NEW YORK (MainStreet) — The tech world is bursting with rumors that Amazon (Stock Quote: AMZN) will finally announce its entry into the tablet market during a press conference scheduled for Wednesday, effectively giving Apple’s iPad a new competitor.
Major tech companies like Microsoft, Research in Motion and HP have all tried and failed (so far) to make a major dent in Apple’s share of the tablet market, but Amazon may just have a few tricks up its sleeve that could be used to succeed where these other tablets have failed and give the iPad a run for its money.
Lower Price Point
Early rumors suggest that Amazon will price its tablet at just $250, half the cost of the most basic version of the iPad 2 and $150 cheaper than the baseline version of the first-generation iPad. On the surface, that price difference should help Amazon win over consumers who have remained hesitant about forking over so much money for the Apple tablet, but there is one caveat. The $250 price tag would most likely be for a 7-inch tablet, not a 10-inch like the iPad. It might seem like a small difference, but as one analyst told MainStreet recently, this price and specification would place the new tablet more in the category of Barnes & Noble’s Nook Color tablet reader.
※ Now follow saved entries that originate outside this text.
Lemma continuous_sqrt_dispersion (L : list nat) (x : R) : In 0%nat L ->
  continuous (fun t => sqrt (dispersion L t / moment 0 L t ^ 2)) x.
Proof.
  intros H0. apply continuous_sqrt_comp.
  assert (HM : continuous (moment 0 L) x)
    by (apply (lsum_continuous L (fun d s => _ * s ^ (2 * d))); intros; apply continuous_scal_pow).
  apply (continuous_mult (dispersion L) (fun t => / moment 0 L t ^ 2)).
  - apply (lsum_continuous L (fun i s => lsum L (fun j => _ * s ^ (2 * i + 2 * j - 2)))).
    intros i. apply (lsum_continuous L (fun j s => _ * s ^ (2 * i + 2 * j - 2))).
    intros j. apply continuous_scal_pow.
  - apply continuous_Rinv_comp.
    + apply (continuous_mult (moment 0 L) (fun t => moment 0 L t ^ 1)); [exact HM|].
      apply (continuous_mult (moment 0 L) (fun _ => 1)); [exact HM | apply continuous_const].
    + pose proof (moment0_ge1 L x H0). apply pow_nonzero. lra.
Qed.

Lemma ex_RInt_sqrt_dispersion (L : list nat) (a b : R) : In 0%nat L ->
  ex_RInt (fun t => sqrt (dispersion L t / moment 0 L t ^ 2)) a b.
Proof.
  intros H0. apply (ex_RInt_continuous (V := R_CompleteNormedModule)).
  intros; apply continuous_sqrt_dispersion, H0.
Qed.

Lemma one_sub_pow_le (a : R) (d : nat) : 0 <= a <= 1 -> 1 - a ^ d <= INR d * (1 - a).
Proof.
  intros Ha. induction d as [|d IH]; [simpl; lra|].
  rewrite S_INR. simpl. pose proof (pow_le a d (proj1 Ha)).
  pose proof (pow_incr a 1 d Ha) as Hle. rewrite pow1 in Hle. nra.
Qed.

Lemma RInt_sqrt_dispersion_le (L : list nat) (M : nat) (a : R) :
  In 0%nat L -> (forall d, In d L -> (d <= M)%nat) -> 0 <= a <= 1 ->
  RInt (fun t => sqrt (dispersion L t / moment 0 L t ^ 2)) a 1
  <= 2 * INR (length L) * INR M * (1 - a).
Proof.
  intros H0 HM Ha.
  assert (Hint : is_RInt (majorant L) a 1 (majorant_primitive L 1 - majorant_primitive L a)).
  { apply (is_RInt_derive (majorant_primitive L)); intros x _.
    - apply (lsum_derive L (fun d s => 2 * s ^ d)). intros d.
      apply is_derive_scal, is_derive_Reals, derivable_pt_lim_pow.
    - apply (lsum_continuous L (fun d s => 2 * (INR d * s ^ pred d))). intros d.
      apply (continuous_mult (fun _ => 2)); [apply continuous_const | apply continuous_scal_pow]. }
  apply Rle_trans with (RInt (majorant L) a 1).
  { apply RInt_le; [lra | | exists (majorant_primitive L 1 - majorant_primitive L a); exact Hint |].
    - apply ex_RInt_sqrt_dispersion, H0.
    - intros t Ht. rewrite <- (sqrt_pow2 (majorant L t)).
      + apply sqrt_le_1_alt, dispersion_div_le; [exact H0 | lra].
      + apply lsum_nonneg. intros d. pose proof (pos_INR d).
        assert (0 <= t ^ pred d) by (apply pow_le; lra). nra. }
  rewrite (is_RInt_unique _ _ _ _ Hint).
  unfold majorant_primitive. rewrite <- lsum_minus.
  replace (2 * INR (length L) * INR M * (1 - a)) with (lsum L (fun _ => 2 * (INR M * (1 - a))))
    by (rewrite lsum_const; ring).
  apply lsum_le. intros d Hd. rewrite pow1.
  apply Rle_trans with (2 * (INR d * (1 - a))).
  - pose proof (one_sub_pow_le a d Ha). lra.
  - apply Rmult_le_compat_l; [lra|]. apply Rmult_le_compat_r; [lra|]. apply le_INR, HM, Hd.
Qed.

Theorem lemma6p1 (S : list nat) (b : R) (dl ddl : R -> R) :
  NoDup S -> S <> nil -> 1 <= b ->
  log_derivs (gS S) dl ddl ->
  exists pr : Riemann_integrable (fun t => sqrt (Iop dl ddl t)) (1 - 1 / b) 1,
    RiemannInt pr <= 2 * (INR (length S) + 1) * INR (maxS S) / b.
Proof.
  intros _ HS Hb Hlog.
  destruct (exists_list_min S HS) as [m [Hm Hmin]].
  set (a := 1 - 1 / b).
  assert (Hinvb : 0 < / b <= 1)
    by (split; [apply Rinv_0_lt_compat | rewrite <- Rinv_1; apply Rinv_le_contravar]; lra).
  assert (Ha : 0 <= a <= 1) by (unfold a, Rdiv; lra).
  assert (Hext : forall t, Rmin a 1 < t < Rmax a 1 ->
    sqrt (dispersion (shift m S) t / moment 0 (shift m S) t ^ 2) = sqrt (Iop dl ddl t)).
  { intros t Ht. rewrite Rmin_left in Ht by lra. rewrite (Iop_gS S m Hm Hmin); auto. lra. }
  assert (Hex : ex_RInt (fun t => sqrt (Iop dl ddl t)) a 1)
    by (eapply ex_RInt_ext; [exact Hext | apply ex_RInt_sqrt_dispersion, In_0_shift, Hm]).
  exists (ex_RInt_Reals_0 _ _ _ Hex).
  rewrite <- RInt_Reals, <- (RInt_ext _ _ _ _ Hext).
  eapply Rle_trans.
  { apply RInt_sqrt_dispersion_le; [apply In_0_shift, Hm | apply shift_le_maxS | exact Ha]. }
  unfold shift. rewrite length_map.
  replace (1 - a) with (1 / b) by (unfold a; ring).
  pose proof (pos_INR (maxS S)). unfold Rdiv in *. nra.
Qed.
To really compete with the iPad then, Amazon needs to put out a 10-inch tablet (something they are expected to do at a later date) in the $350-$400 price range, a significant enough price difference to convince consumers to take a chance on a non-Apple tablet.
Integrate Amazon Prime
Amazon’s real ace in the hole may well be its Prime membership service. The $79 option already comes with a powerhouse of features including streaming movies, TV shows, expedited shipping and even a rumored book subscription service. Even if Amazon chose to price tablets closer to the iPad, a free Prime membership (perhaps for one or two years) could serve as an effective way to entice more consumers to purchase the tablet. Not only would this be a value-add for the tablet, but integrating the various features that come with Prime – particularly the video streaming – would boost the experience of using Amazon’s tablet.
A True App Store
Earlier this year, Amazon launched its own Appstore, selling applications for Android smartphones. Since then, Amazon has developed a wide range of games and utility apps that could be a potential selling point if and when the company releases a tablet. The tricky part for Amazon will be convincing consumers that its Appstore is anywhere near as robust as Apple’s. One point in the company’s favor right now is that Amazon already has many big name apps like Plants vs. Zombies and Angry Birds that could attract customers.